(* Let $G_1$ be a graph isomorphic to a minor of a weakly 4-connected graph $H$. Let $P=\{p_1,p_2\}$, $Q=\{q_1,q_2,q_3\}$ and $R$ form a partition of $V(G_1)$ such that $G_1$ contains all edges between $P$ and $Q$, no edge has both ends in $Q$, $|R|\ge2$, and $(P\cup Q,\,Q\cup R)$ is a non-trivial separation of $G_1$ of order three. Then $H$ has a minor isomorphic to a graph $G_1^+$ obtained from $G_1$ by either (1) adding an edge between $p_i$ and $r$ for some $i\in\{1,2\}$ and some $r\in R$, or (2) splitting $q_j$, for some $j\in\{1,2,3\}$, into two adjacent vertices $q_j^1,q_j^2$ such that $q_j^1$ is adjacent to $p_1$ and $q_j^2$ is adjacent to $p_2$.
   Context: Graphs are finite and simple. A separation of $G$ is a pair $(A,B)$ of subsets of $V(G)$ with $A\cup B=V(G)$ and no edge between $A-B$ and $B-A$; its order is $|A\cap B|$; it is non-trivial if $A\ne V(G)\ne B$. A graph is weakly 4-connected if it is 3-connected, has at least five vertices, and for every separation $(A,B)$ of order at most three one of $G[A]$, $G[B]$ has at most four edges. Splitting a vertex $v$: for a partition $(N_1,N_2)$ of the neighbours of $v$ with $|N_1|,|N_2|\ge2$, replace $v$ by two adjacent new vertices $v_1,v_2$ with $v_i$ adjacent to exactly the vertices of $N_i$. *)

From mathcomp Require Import all_boot.
Set Implicit Arguments. Unset Strict Implicit. Unset Printing Implicit Defensive.

Section Graphs.
Variable T : finType.

Definition simple_graph (e : rel T) : Prop := symmetric e /\ irreflexive e.
Lemma Mw_bases_adapted (w : 'rV[R]_n) b0 : in_relint (in_cone S) w -> adapted_basis B S b0 ->
  forall b, Mw_bases B w b <-> adapted_basis B S b.
Proof.
move=> relw adb0 b; have [[lam [lam0 ew]] _] := relw; split=> [[bB maxb]|adb].
  split=> // G0 G0S; apply/eqP; rewrite eqn_leq [in X in X && _]setIC leq_card_rk //=.
  have [d d0 [mu [mu0 emu]]] := relint_cone_incv relw G0S.
  have ew' : w = \sum_(G in S) mu G *: incv R G + d *: incv R G0 by rewrite -emu subrK.
  have := maxb b0 (proj1 adb0); rewrite ew' !wsumD !wsumZ_incv wsum_cone_adapted //.
  rewrite (proj2 adb0) // => le_b0b; have le_b := wsum_cone_le_rk mu0 bB.
  rewrite -(ler_nat R) -(ler_pM2l d0) -(lerD2l (\sum_(G in S) mu G * (rk B G)%:R)).
  by apply: le_trans le_b0b _; rewrite lerD2r.
split=> [|C CB]; first by case: adb.
by rewrite ew (wsum_cone_adapted lam adb); exact: (wsum_cone_le_rk lam0 CB).
Qed.
End Weights.

Theorem theorem4p4 (R : realType) (n : nat) (B : {set {set 'I_n}})
    (Gs S : {set {set 'I_n}}) (w : 'rV[R]_n) :
  is_matroid B -> connected B ->
  building_set B Gs -> nested B Gs S -> [set: 'I_n] \in S ->
  in_relint (in_cone S) w ->
  [/\ (forall G H, G \in S -> H \in S -> G != H ->
         [disjoint G :\: Gminus B S G & H :\: Gminus B S H]),
      \bigcup_(G in S) (G :\: Gminus B S G) = [set: 'I_n]
    & forall b : {set 'I_n}, Mw_bases B w b <->
        exists2 f : {ffun {set 'I_n} -> {set 'I_n}},
          (forall G, G \in S -> minor_bases B (Gminus B S G) G (f G))
          & b = \bigcup_(G in S) f G].
Proof.
move=> HB conB HGs HS TS relw.
split; first exact: (@part_disjoint _ _ _ _ HB conB HGs HS).
  exact: (bigcup_part HB conB HGs HS TS).
move=> b; have [b0 adb0] := adapted_basis_exists HB conB HGs HS TS.
rewrite (Mw_bases_adapted relw adb0); exact: (adapted_basisP HB conB HGs HS TS).
Qed.
Lemma all_occupied_halts t S Q : config t S Q -> all_occupied R X t -> halts_at R s X t.
Proof.
move=> cfg occ; have sz := config_size cfg; have nr := config_nrob cfg.
case: S cfg sz => [|y S] cfg /= sz.
  apply: config_nil_halts cfg _ => -[q [_ [/occ [k pos_k] q_new]]].
  by apply: (q_new t) => //; exists k.
have [sR yR] : s \in R /\ y \in R by split; apply: (config_sub cfg); rewrite !inE eqxx ?orbT.
have [k' /(config_on_door k' cfg) t_even] := occ s sR.
have [k pos_k] := occ y yR.
(* s and y sit at indices 0 and 1 of the stack, while a trailing robot r sits at
   index t - 2r: they cannot both be occupied at time t. *)
have uq := config_uniq cfg.
case: (leqP (nrob X t) k) => lt_k; first by rewrite rpos_absent in pos_k.
case: (ltnP k (size Q)) => lt_kQ.
  have yQ : y \notin Q.
    by move: uq => /= /andP [_ /andP [+ _]]; rewrite mem_cat negb_or => /andP [].
  by move: pos_k; rewrite (config_stopped cfg lt_kQ).1 => -[e]; rewrite -e mem_nth in yQ.
have uq' : uniq [:: s, y & S] by move: uq; rewrite -cat_cons cat_uniq => /andP [].
move: pos_k; rewrite (config_trail cfg (r := k) (t' := t)); [|lia|lia] => -[e].
have lt_i : t - 2 * k < size [:: s, y & S] by rewrite /=; lia.
have := nth_uniq s lt_i (isT : 1 < size [:: s, y & S]) uq'.
by rewrite e /= eqxx => /esym /eqP; lia.
Qed.

Lemma halt_config t S Q : config t S Q -> halts_at R s X t ->
  S = [::] /\ ~ has_frontier_nbr R X s t.
Proof.
move=> cfg [k [lt_k [leader [/(config_on_door k cfg) t_even stuck]]]].
split=> //; have sz := config_size cfg.
case: (ltnP k (size Q)) => [lt_kQ|le_Qk].
  by move: leader; rewrite (config_stopped cfg lt_kQ).2.
move: leader; rewrite (config_status cfg) ?le_Qk //.
by case: eqP => // e _; apply/size0nil; lia.
Qed.

Lemma config_nil_all_occupied t Q : config t [::] Q -> {subset R <= s :: Q} ->
  all_occupied R X t.
Proof.
move=> cfg cover q /cover; rewrite in_cons => /orP [/eqP ->|qQ].
  by exists (size Q); apply/(config_on_door (size Q) cfg); rewrite -(config_size cfg).
have lt_q : index q Q < size Q by rewrite index_mem.
by exists (index q Q); rewrite (config_stopped cfg lt_q).1 nth_index.
Qed.
(* For every integer $n \geq 1$, $D_n = n\, Der_{n-1}$.
   Context: A linear arrangement of $\{1,\ldots,n\}$ is a sequence $a_1\cdots a_n$ in which each of $1,\ldots,n$ appears exactly once. It contains the pattern $ij$ if $a_t=i$ and $a_{t+1}=j$ for some $t$; otherwise it avoids it. $D_n$ is the number of linear arrangements of $\{1,\ldots,n\}$ avoiding all of the patterns $12, 23, \ldots, (n-1)n, n1$. $Der_m$ is the number of permutations of $\{1,\ldots,m\}$ with no fixed point (so $Der_0 = 1$). *)

From mathcomp Require Import all_boot all_order all_fingroup.
Set Implicit Arguments. Unset Strict Implicit. Unset Printing Implicit Defensive.

(* Values 1..n are encoded as 0..n-1 (type 'I_n); positions 1..n likewise.
   A linear arrangement a_1...a_n is a permutation s : {perm 'I_n}, with
   s t = a_{t+1} (position t, value s t). *)

Definition contains_pattern (n : nat) (s : {perm 'I_n}) (i j : 'I_n) : bool :=
  [exists t : 'I_n, exists u : 'I_n, (val u == (val t).+1) && (s t == i) && (s u == j)].

Definition avoids_cyclic (n : nat) (s : {perm 'I_n}) : bool :=
  [forall i : 'I_n, forall j : 'I_n,
     (val j == ((val i).+1 %% n)) ==> ~~ contains_pattern s i j].

Definition D (n : nat) : nat := #|[set s : {perm 'I_n} | avoids_cyclic s]|.

Definition Der (m : nat) : nat := #|[set s : {perm 'I_m} | [forall i, s i != i]]|.

From mathcomp Require Import all_boot all_order all_fingroup.
From mathcomp Require Import ssralg zmodp zify.
Set Implicit Arguments. Unset Strict Implicit. Unset Printing Implicit Defensive.

(* Adding c modulo n to every value preserves the avoidance of the cyclic
   patterns and moves the first value from 0 to c, so D_n = n A_{n-1}, where
   A_k counts the arrangements of {0, ..., k} that start with 0 and contain no
   succession v (v+1); with 0 in front, the wrap-around pattern (n-1) 0 cannot
   occur.  Deleting the largest value k+2 from such an arrangement, and merging
   into v a succession v (v+1) that the deletion may create, yields
   A_{k+2} = (k+1) (A_{k+1} + A_k), as in either case the deleted value can sit
   in k+1 places.  This is the recurrence of the derangement numbers, and
   A_0 = 1 = Der_0, A_1 = 0 = Der_1. *)

Lemma card_inj_onto (aT rT : finType) (f : aT -> rT) (A : {set aT}) (B : {set rT}) :
    {in A &, injective f} -> {in A, forall x, f x \in B} ->
  (forall y, y \in B -> exists2 x, x \in A & y = f x) -> #|B| = #|A|.
Proof.
move=> f_inj fAB ontoB; rewrite -(card_in_imset f_inj); apply: eq_card => y.
by apply/idP/imsetP => [/ontoB | [x /fAB Bfx ->]].
Qed.
Lemma legal_le_Fs (T : R -> Prop) (u : R -> V -> R) (f : V -> R) :
  toppling_procedure T u -> legal nbr s T u -> in_Fs nbr s f ->
  forall t x, T t -> u t x <= f x.
Proof.
  intros (HT & _ & Hu0 & _ & Hcont) Hlegal Hf t x Tt. revert x.
  apply (time_set_ind T HT (fun t => forall x, u t x <= f x)); [| exact Tt].
  intros m Tm IH x.
  destruct (Req_dec m 0) as [-> | Hm0].
  { rewrite Hu0. apply (Hf x). }
  destruct (time_set_tminus T HT m Tm Hm0) as (tm & Htm & Ttm & Htm_le).
  destruct (Rle_lt_or_eq_dec tm m Htm_le) as [Hlt | ->].
  - apply (legal_step_le f (u tm)); [exact Hf | now apply IH |].
    apply Hlegal; assumption.
  - destruct (is_lub_increasing_seq _ m Htm) as (h & Hh & Hincr & Hcv).
    apply (Un_cv_le_ub (fun n => u (h n) x)).
    + apply Hcont; [intros n; apply Hh | exact Tm | exact Hincr | exact Hcv].
    + intros n. apply IH; apply Hh.
Qed.

Lemma legal_lim_le_Fs (T : R -> Prop) (u : R -> V -> R) (f : V -> R) (x : V) :
  toppling_procedure T u -> legal nbr s T u -> in_Fs nbr s f ->
  exists L, lim_along T (fun t => u t x) L /\ L <= f x.
Proof.
  intros Hu Hlegal Hf. pose proof Hu as (HT & _ & _ & Hmono & _).
  apply (lim_along_monotone T HT); [now intros; apply Hmono |].
  intros t Tt. now apply (legal_le_Fs T u f).
Qed.

Lemma stabilizing_final_odometer (T : R -> Prop) (u : R -> V -> R) :
  toppling_procedure T u -> stabilizing nbr s T u ->
  exists uinf, final_odometer T u uinf /\ in_Fs nbr s uinf.
Proof.
  intros (HT & Hnn & _) [Hfin Hstab].
  set (uinf x := proj1_sig (constructive_indefinite_description _ (Hfin x))).
  assert (Huinf : final_odometer T u uinf)
    by (intros x; exact (proj2_sig (constructive_indefinite_description _ (Hfin x)))).
  exists uinf. split; [exact Huinf |]. intros x. split; [| now apply Hstab].
  apply (lim_along_ge_lb T _ _ _ (Huinf x)). intros t Tt. now apply Hnn.
Qed.

Lemma legal_stabilizing_is_inf (T : R -> Prop) (u : R -> V -> R) (x : V) (U : R) :
  toppling_procedure T u -> legal nbr s T u -> stabilizing nbr s T u ->
  lim_along T (fun t => u t x) U ->
  is_inf (fun a => exists f, in_Fs nbr s f /\ a = f x) U.
Proof.
  intros Hu Hlegal Hstab HU. pose proof Hu as (HT & _).
  split.
  - intros a (f & Hf & ->). apply (lim_along_le_ub T _ _ _ HU).
    intros t Tt. now apply (legal_le_Fs T u f).
  - intros b Hb. destruct (stabilizing_final_odometer T u Hu Hstab) as (uinf & Huinf & HF).
    rewrite (lim_along_unique T _ _ _ HU (Huinf x)). apply Hb. eauto.
Qed.

End Odometer.

Theorem proposition2p5 (V : Type) (nbr : V -> list V)
  (Hg : simple_undirected_graph nbr) (Hc : connected nbr)
  (s : V -> R) (T : R -> Prop) (l : R -> V -> R)
  (Hl : toppling_procedure T l) (Hlegal : legal nbr s T l) :
  (* (i) *)
  (forall f, in_Fs nbr s f ->
     forall x, exists L, lim_along T (fun t => l t x) L /\ L <= f x) /\
  (* (ii) *)
  (forall (T' : R -> Prop) (u : R -> V -> R),
     toppling_procedure T' u -> stabilizing nbr s T' u ->
     forall x, exists L, lim_along T (fun t => l t x) L /\
       forall U, lim_along T' (fun t => u t x) U -> L <= U) /\
  (* (iii) *)
  (forall (T' : R -> Prop) (u : R -> V -> R),
     toppling_procedure T' u -> legal nbr s T' u -> stabilizing nbr s T' u ->
     forall x U, lim_along T' (fun t => u t x) U ->
       is_inf (fun a => exists f, in_Fs nbr s f /\ a = f x) U) /\
  (* in particular: independence of the legal stabilizing procedure *)
  (forall (T1 : R -> Prop) (u1 : R -> V -> R) (T2 : R -> Prop) (u2 : R -> V -> R)
          (u1inf u2inf : V -> R),
     toppling_procedure T1 u1 -> legal nbr s T1 u1 -> stabilizing nbr s T1 u1 ->
     toppling_procedure T2 u2 -> legal nbr s T2 u2 -> stabilizing nbr s T2 u2 ->
     final_odometer T1 u1 u1inf -> final_odometer T2 u2 u2inf ->
     (forall x, u1inf x = u2inf x) /\
     (forall x, s x + Lap nbr u1inf x = s x + Lap nbr u2inf x)).
Proof.
  split; [| split; [| split]].
  - intros f Hf x. now apply (legal_lim_le_Fs V nbr s T l f).
  - intros T' u Hu Hstab x.
    destruct (stabilizing_final_odometer V nbr s T' u Hu Hstab) as (uinf & Huinf & HF).
    destruct (legal_lim_le_Fs V nbr s T l uinf x Hl Hlegal HF) as (L & HL & HLe).
    exists L. split; [exact HL |]. intros U HU.
    now rewrite (lim_along_unique T' _ _ _ HU (Huinf x)).
  - intros T' u Hu Hlegal' Hstab x U HU. now apply (legal_stabilizing_is_inf _ _ _ T' u).
  - intros T1 u1 T2 u2 u1inf u2inf Hu1 Hl1 Hs1 Hu2 Hl2 Hs2 Hf1 Hf2.
    assert (Heq : forall x, u1inf x = u2inf x).
    { intros x.
      destruct (legal_stabilizing_is_inf _ _ _ T1 u1 x _ Hu1 Hl1 Hs1 (Hf1 x)) as [Lb1 Gr1].
      destruct (legal_stabilizing_is_inf _ _ _ T2 u2 x _ Hu2 Hl2 Hs2 (Hf2 x)) as [Lb2 Gr2].
      apply Rle_antisym; [apply Gr2 | apply Gr1]; assumption. }
    split; [exact Heq |]. intros x.
    now rewrite (functional_extensionality _ _ Heq).
Qed.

+ + + + + + +

Show every line in the entries where the string "Theorem" occurs.

Theorem theorem4p4 (R : realType) (n : nat) (B : {set {set 'I_n}})
Theorem proposition2p5 (V : Type) (nbr : V -> list V)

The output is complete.